BEAUTÉ MONSTRUEUSE. C’est évidemment lorsqu’on regarde le disque UHD qui, lui, tourne à 60 images par seconde et offre un étalonnage HDR (deux capacités propres au support) que Gemini Man devient le blockbuster furieux et expérimental conceptualisé par Ang Lee. Les couleurs, la profondeur de champ, la définition : tout est inouï, rutilant, parfois même épuisant. Cette sur-lisibilité de l’image, où tout renvoie à un enregistrement inconcevable du réel, fout presque les chocottes, surtout lorsqu’on la condense sur la diagonale d’un simple écran télé – et qu’on s’autorise les arrêts sur image ou les retours en arrière.

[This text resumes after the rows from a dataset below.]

(* Let $\mathfrak{g} = \mathfrak{r}_3$, the three-dimensional Lie algebra with basis $\{e_1,e_2,e_3\}$ and nonzero brackets $[e_1,e_2]=e_2+e_3$, $[e_1,e_3]=e_3$. For every inner product $\langle\cdot,\cdot\rangle$ on $\mathfrak{g}$, there exist $\lambda > 0$, $k > 0$, and an orthonormal basis $\{x_1, x_2, x_3\}$ with respect to $k \langle\cdot,\cdot\rangle$ such that the bracket relations are given by \[ [x_1,x_2] = x_2 + \lambda x_3, \quad [x_1,x_3] = x_3 \] (and $[x_2,x_3]=0$). Furthermore, the matrix expression of the derivation algebra $\mathrm{Der}(\mathfrak{g})$ with respect to $\{x_1, x_2, x_3\}$ coincides with \[ \left\{ \begin{pmatrix} 0 & 0 & 0 \\ x_{21} & x_{22} & 0 \\ x_{31} & x_{32} & x_{22} \end{pmatrix} \;\middle|\; x_{21}, x_{22}, x_{31}, x_{32} \in \mathbb{R} \right\}. \] *)

(* The Lie algebra r_3 is modelled as column vectors 'cV[R]_3
   of coordinates with respect to the basis {e1,e2,e3}; R is any realType. *)
From HB Require Import structures.
From mathcomp Require Import all_boot all_order all_algebra.
From mathcomp Require Import reals.
Set Implicit Arguments. Unset Strict Implicit. Unset Printing Implicit Defensive.
Import Order.TTheory GRing.Theory Num.Theory.
Local Open Scope ring_scope.

Section R3.
Variable R : realType.
Local Notation g := 'cV[R]_3.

Débarrassé de sa 3D, même si la sensation de jaillissement est palpable, ce Gemini Man UHD devient un objet d’une beauté monstrueuse, indicible, qu’on ne peut plus lâcher des yeux, qu’on ne peut plus sortir de sa tête. C’est une fascination qui relève de la pulsion scopique probablement, mais pas seulement. Se niche là l’impression qu’un tout nouvel horizon de divertissement, qui dialoguerait à la fois avec le cinéma et la réalité virtuelle, est en train d’apparaître à la maison. Le Blu-ray Ultra HD en serait à la fois le catalyseur et l’écrin idéal. Il ne reste plus qu’à attendre que les films suivent. Mais désormais, les présentations sont faites.